Python Reproducible Builds?

Post by biolizard89 »

I understand that Joseph is working on reproducible builds for Armory (which uses Python). @Joseph, could you provide some information on how applicable this work is to NMControl? What kinds of changes would be needed for NMControl to build reproducibly (for Windows, OS X, and Linux) using your work?
Jeremy Rand, Lead Namecoin Application Engineer
NameID: id/jeremy
DyName: Dynamic DNS update client for .bit domains.

Donations: BTC 1EcUWRa9H6ZuWPkF3BDj6k4k1vCgv41ab8 ; NMC NFqbaS7ReiQ9MBmsowwcDSmp4iDznjmEh5

phelix
Posts: 1634
Joined: Thu Aug 18, 2011 6:59 am

Re: Python Reproducible Builds?

Post by phelix »

biolizard89 wrote:I understand that Joseph is working on reproducible builds for Armory (which uses Python). @Joseph, could you provide some information on how applicable this work is to NMControl? What kinds of changes would be needed for NMControl to build reproducibly (for Windows, OS X, and Linux) using your work?
+1, that sounds interesting.

btw I saw there was a speech about reproducible builds at cc-camp-2015 - it should be available online but I did not yet watch it myself.
nx.bit - some namecoin stats
nf.bit - shortcut to this forum

josephbisch
Posts: 69
Joined: Sun Nov 23, 2014 3:34 pm
os: linux

Re: Python Reproducible Builds?

Post by josephbisch »

I saw the cccamp 2015 talk by Lunar about reproducible builds. It is interesting to watch, especially if you aren't already intimately familiar with the reproducible build pages on the Debian wiki. While I was already familiar with it, I learned that debbindiff (the binary diff tool used by the Debian reproducible build project) had been renamed to diffoscope. There is also a talk from Lunar that just happened at DebConf and a reproducible builds BoF (a BoF is a gathering of people to discuss a common interest) available here, though it can be a little hard to hear what people are saying on those BoF recordings.
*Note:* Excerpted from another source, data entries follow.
(* Let $q=2^m$, let $k\in\mathbb{F}_q$ with $Tr(k)=1$, let $i\in\mathbb{F}_{q^2}\setminus\mathbb{F}_q$ with $i^2=i+k$, and let $\alpha=A+iB$, $\beta=C+iD$ with $A,B,C,D\in\mathbb{F}_q$ and $\alpha\beta\neq 0$. Then the following are equivalent: (i) $A=\xi^2+\xi$, $B=D=0$, $C=\xi^2$ for some $\xi\in\mathbb{F}_q\setminus\{0,1\}$ with $Tr(\xi/(\xi+1))=0$; (ii) $\beta(1+\alpha^{q+1}+\beta^{q+1})+\alpha^{2q}=0$, $\beta^{q+1}\neq 1$, $Tr\left(\frac{\beta^{q+1}}{\alpha^{q+1}}\right)=0$, and $\beta\in\mathbb{F}_q$.
   Context: $Tr:\mathbb{F}_q\to\mathbb{F}_2$ is the absolute trace $Tr(z)=z+z^2+\cdots+z^{2^{m-1}}$. *)

From HB Require Import structures.
From mathcomp Require Import all_boot all_order all_algebra all_field.
Set Implicit Arguments. Unset Strict Implicit. Unset Printing Implicit Defensive.
Import GRing.Theory.
Local Open Scope ring_scope.

(* L plays the role of F_{q^2}, q = 2^m; F_q is the subfield {x | x^q = x}. *)

Definition inFq (L : finFieldType) (m : nat) (x : L) : bool := x ^+ (2 ^ m) == x.

Definition Tr (L : finFieldType) (m : nat) (z : L) : L := \sum_(j < m) z ^+ (2 ^ j).

(* For x, y in F_q one has
   (x + iy)^q = (x + y) + iy, because i^q is the other root i + 1 of X^2 + X + k;
   hence x + iy lies in F_q exactly when y = 0.  Assuming (ii), the equation gives
   alpha^(2q) = beta (1 + alpha^(q+1) + beta^2) in F_q, so alpha^2 and then alpha
   lie in F_q.  With alpha = A and beta = C = xi^2 the equation factors in
   characteristic 2 as (1 + xi)^2 (A + xi^2 + xi)^2 = 0, which forces
   A = xi^2 + xi, and then C^2 / A^2 = (xi / (xi + 1))^2 has the same trace as
   xi / (xi + 1). *)

From HB Require Import structures.
From mathcomp Require Import all_boot all_order all_algebra all_field.
From mathcomp Require Import ring.
Set Implicit Arguments. Unset Strict Implicit.
Import GRing.Theory.
Local Open Scope ring_scope.

Section CharTwo.

Variable L : fieldType.
Hypothesis pchar2 : 2%N \in [pchar L].

Lemma addr_eq0_pchar2 (x y : L) : (x + y == 0) = (x == y).
Proof. by rewrite -[RHS]subr_eq0 (oppr_pchar2 pchar2). Qed.

Lemma exprD_2n n (x y : L) : (x + y) ^+ (2 ^ n) = x ^+ (2 ^ n) + y ^+ (2 ^ n).
Proof. by apply: exprDn_pchar; rewrite pnatX (pnatE _ (isT : prime 2)) pchar2. Qed.

Lemma exprD2_pchar2 (x y : L) : (x + y) ^+ 2 = x ^+ 2 + y ^+ 2.
Proof. exact: (exprD_2n 1). Qed.

Lemma expr_2n_inj n : injective (fun x : L => x ^+ (2 ^ n)).
Proof.
move=> x y /eqP; rewrite -addr_eq0_pchar2 -exprD_2n expf_eq0 addr_eq0_pchar2.
by case/andP=> _ /eqP.
Qed.

Lemma sqr_divDl (x : L) : x ^+ 2 / (x ^+ 2 + x) = x / (x + 1).
Proof.
have [-> | x0] := eqVneq x 0; first by rewrite expr0n !mul0r.
have -> : x ^+ 2 + x = x * (x + 1) by rewrite mulrDr mulr1 expr2.
by rewrite expr2 invfM mulrA mulfK.
Qed.

Lemma scalar_eqn_factor (xi A : L) :
  xi ^+ 2 * (1 + A ^+ 2 + (xi ^+ 2) ^+ 2) + A ^+ 2
  = (1 + xi) ^+ 2 * (A + xi ^+ 2 + xi) ^+ 2.
Proof.
rewrite !exprD2_pchar2 expr1n.
have -> : (1 + xi ^+ 2) * (A ^+ 2 + (xi ^+ 2) ^+ 2 + xi ^+ 2)
  = xi ^+ 2 * (1 + A ^+ 2 + (xi ^+ 2) ^+ 2) + A ^+ 2 + 2%:R * (xi ^+ 2) ^+ 2 by ring.
by rewrite (pcharf0 pchar2) mul0r addr0.
Qed.

Lemma scalar_eqn_eq0 (xi A : L) : xi != 1 ->
  (xi ^+ 2 * (1 + A ^+ 2 + (xi ^+ 2) ^+ 2) + A ^+ 2 == 0) = (A == xi ^+ 2 + xi).
Proof.
move=> xi1; rewrite scalar_eqn_factor mulf_eq0 !sqrf_eq0.
by rewrite addr_eq0_pchar2 eq_sym (negbTE xi1) -addrA addr_eq0_pchar2.
Qed.

End CharTwo.

Arguments expr_2n_inj {L} pchar2 n [x1 x2].

Section Subfield.

Variables (L : finFieldType) (m : nat).
Hypothesis pchar2 : 2%N \in [pchar L].
Hypothesis cardL : #|L| = (2 ^ m * 2 ^ m)%N.

Local Notation q := (2 ^ m)%N.
Local Notation inFq := (inFq m).
Local Notation Tr := (Tr m).

Lemma inFqE (x : L) : inFq x -> x ^+ q = x.
Proof. by move/eqP. Qed.

Lemma inFq1 : inFq (1 : L).
Proof. by rewrite /inFq expr1n. Qed.

Lemma inFqD (x y : L) : inFq x -> inFq y -> inFq (x + y).
Proof. by rewrite /inFq exprD_2n // => /eqP -> /eqP ->. Qed.

Lemma inFqM (x y : L) : inFq x -> inFq y -> inFq (x * y).
Proof. by rewrite /inFq exprMn => /eqP -> /eqP ->. Qed.

Lemma inFqV (x : L) : inFq x -> inFq x^-1.
Proof. by rewrite /inFq exprVn => /eqP ->. Qed.

Lemma inFq_expr2n n (x : L) : inFq (x ^+ (2 ^ n)) = inFq x.
Proof. by rewrite /inFq exprAC (inj_eq (expr_2n_inj pchar2 n)). Qed.

Lemma frobK (x : L) : (x ^+ q) ^+ q = x.
Proof. by rewrite -exprM -cardL expf_card. Qed.

Lemma inFq_norm (x : L) : inFq (x ^+ q.+1).
Proof. by rewrite /inFq exprS exprMn frobK mulrC. Qed.

Lemma norm_inFq (x : L) : inFq x -> x ^+ q.+1 = x ^+ 2.
Proof. by move=> Fx; rewrite exprS (inFqE Fx) expr2. Qed.

Lemma expr2Sm_inFq (x : L) : inFq x -> x ^+ (2 ^ m.+1) = x ^+ 2.
Proof. by move=> Fx; rewrite expnSr exprM (inFqE Fx). Qed.

Lemma sqrt_inFq (x : L) : inFq x -> exists2 y, inFq y & y ^+ 2 = x.
Proof.
have [sqrt _ sqrtK] := injF_bij (expr_2n_inj pchar2 1).
have sqrtE : sqrt x ^+ 2 = x by exact: sqrtK.
by move=> Fx; exists (sqrt x); rewrite // -(inFq_expr2n 1) sqrtE.
Qed.

Lemma Tr_sqr (w : L) : inFq w -> Tr (w ^+ 2) = Tr w.
Proof.
rewrite /Tr /inFq; case: m => [|n] /eqP Fw; first by rewrite !big_ord0.
rewrite big_ord_recr big_ord_recl /= expr1 addrC -exprM -expnS Fw.
by congr (_ + _); apply: eq_bigr => j _; rewrite -exprM -expnS.
Qed.

Lemma Tr_sqr_ratio (xi : L) : inFq xi ->
  Tr ((xi ^+ 2) ^+ 2 / (xi ^+ 2 + xi) ^+ 2) = Tr (xi / (xi + 1)).
Proof.
move=> Fxi; rewrite -expr_div_n sqr_divDl Tr_sqr //.
by rewrite inFqM ?inFqV ?inFqD ?inFq1.
Qed.

Variables k i : L.
Hypotheses (Fk : inFq k) (Fi : ~~ inFq i) (i_root : i ^+ 2 = i + k).

Lemma frob_i : i ^+ q = i + 1.
Proof.
set j := i ^+ q.
have j_root : j ^+ 2 = j + k by rewrite exprAC i_root exprD_2n // (inFqE Fk).
have : (j + i) * (j + i + 1) == 0.
  rewrite mulrDr mulr1 -expr2 exprD2_pchar2 // j_root i_root.
  have -> : j + k + (i + k) + (j + i) = (j + j) + (k + k) + (i + i) by ring.
  by rewrite !addrr_pchar2 // !addr0.
rewrite mulf_eq0 addr_eq0_pchar2 // -addrA addr_eq0_pchar2 //.
by case/orP=> /eqP // ji; move: Fi; rewrite /inFq -/j ji eqxx.
Qed.

Lemma frob_coord (x y : L) : inFq x -> inFq y ->
  (x + i * y) ^+ q = x + y + i * y.
Proof.
move=> Fx Fy; rewrite exprD_2n // exprMn frob_i (inFqE Fx) (inFqE Fy).
by rewrite mulrDl mul1r addrA addrAC.
Qed.

Lemma inFq_coord (x y : L) : inFq x -> inFq y -> inFq (x + i * y) = (y == 0).
Proof.
move=> Fx Fy; rewrite /inFq frob_coord // addrAC.
by rewrite -[X in _ == X]addr0 (inj_eq (addrI _)).
Qed.

End Subfield.

Theorem proposition2 (L : finFieldType) (m : nat)
  (hchar : 2%N \in [pchar L]) (hcard : #|L| = (2 ^ m * 2 ^ m)%N)
  (k i A B C D : L)
  (hk : inFq m k) (trk : Tr m k = 1)
  (hiFq : ~~ inFq m i) (hi2 : i ^+ 2 = i + k)
  (hA : inFq m A) (hB : inFq m B) (hC : inFq m C) (hD : inFq m D) :
  let q := (2 ^ m)%N in
  let alpha := A + i * B in
  let beta := C + i * D in
  alpha * beta != 0 ->
  ((exists xi : L, [/\ inFq m xi, xi != 0, xi != 1 & Tr m (xi / (xi + 1)) = 0]
                   /\ [/\ A = xi ^+ 2 + xi, B = 0, D = 0 & C = xi ^+ 2])
   <->
   [/\ beta * (1 + alpha ^+ q.+1 + beta ^+ q.+1) + alpha ^+ (2 * q) = 0,
       beta ^+ q.+1 != 1,
       Tr m (beta ^+ q.+1 / alpha ^+ q.+1) = 0
     & inFq m beta]).
Proof.
move=> q alpha beta ab0.
have Fcoord := inFq_coord hchar hk hiFq hi2.
have -> : (2 * q)%N = (2 ^ m.+1)%N by rewrite expnS.
split.
  case=> xi [[Fxi xi0 xi1 Trxi] [eA eB eD eC]].
  have -> : alpha = A by rewrite /alpha eB mulr0 addr0.
  have -> : beta = C by rewrite /beta eD mulr0 addr0.
  rewrite (norm_inFq hA) (norm_inFq hC) (expr2Sm_inFq hA); split => //.
  - by apply/eqP; rewrite eC scalar_eqn_eq0 // eA.
  - apply: contra xi1 => /eqP xi4; apply/eqP/(expr_2n_inj hchar 2).
    by rewrite expr1n -xi4 eC -exprM.
  - by rewrite eC eA Tr_sqr_ratio.
case=> eqn Nb1 Trb Fb.
have eD : D = 0 by apply/eqP; rewrite -(Fcoord _ _ hC hD).
have ebeta : beta = C by rewrite /beta eD mulr0 addr0.
rewrite ebeta (norm_inFq hC) in eqn Nb1 Trb.
have Fa : inFq m alpha.
  rewrite -(inFq_expr2n _ hchar m.+1); move/eqP: eqn.
  rewrite addrC addr_eq0_pchar2 // => /eqP ->.
  by rewrite inFqM ?inFqD ?inFq1 ?(inFq_norm hcard) ?(inFq_expr2n _ hchar 1).
have eB : B = 0 by apply/eqP; rewrite -(Fcoord _ _ hA hB).
have ealpha : alpha = A by rewrite /alpha eB mulr0 addr0.
rewrite ealpha (norm_inFq hA) in eqn Trb; rewrite (expr2Sm_inFq hA) in eqn.
have [xi Fxi eC] := sqrt_inFq hchar hC.
have xi1 : xi != 1 by apply: contraNneq Nb1 => xi1; rewrite -eC xi1 !expr1n.
have eA : A = xi ^+ 2 + xi by apply/eqP; rewrite -scalar_eqn_eq0 // eC eqn.
exists xi; split; split => //.
- by apply: contraNneq ab0 => xi0; rewrite ebeta -eC xi0 expr0n mulr0.
- by rewrite -Tr_sqr_ratio // -eA eC.
Qed.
As for the actual question, I'll start with Linux. Originally I was just using Gitian to create a compressed archive of the Armory source tree after having built Armory (which really just involves creating a shared object (.so) file from the cpp code, which then gets loaded by the Python code via SWIG). Since Armory traditionally was distributed as a deb package, we switched to using Debian's reproducible build toolchain. Since it is based around reproducing deb packages it seemed like a better choice for the specific case of reproducing deb packages than Gitian was. A particular issue was that Gitian doesn't currently allow root permissions in the VM, which can be a problem with deb packaging in many cases. So in combination with a modified version of the existing make_deb_package.py script, I was able to make a reproducible deb package. I think it just happened to be reproducible with the use of the Debian toolchain, but there were some challenges. The Debian toolchain added -Wdate-time to CPPFLAGS, which is a GCC >=4.9 feature, so it caused problems when building using an Ubuntu Trusty chroot (GCC 4.8.2). So I added "export DEB_CPPFLAGS_MAINT_STRIP=-Wdate-time" to the rules*.template files to prevent the toolchain from adding that flag. I also needed a way to download the dependencies for the target OS for the offline bundle (Ubuntu Precise) no matter what distro-version combo a builder is using for the host. So I created an apt config file that points to a sources.list file for Precise in the Armory source tree and used that config file when resolving and downloading Armory dependencies in the make_deb_package.py script. I also figured out a method to determine the packages that are installed by default on whatever OS we choose (in our case Precise) and exclude those default packages from the recursive resolution and download of the dependency packages for the offline bundle. You can see the method in make_deb_package.py or I can explain it if you want.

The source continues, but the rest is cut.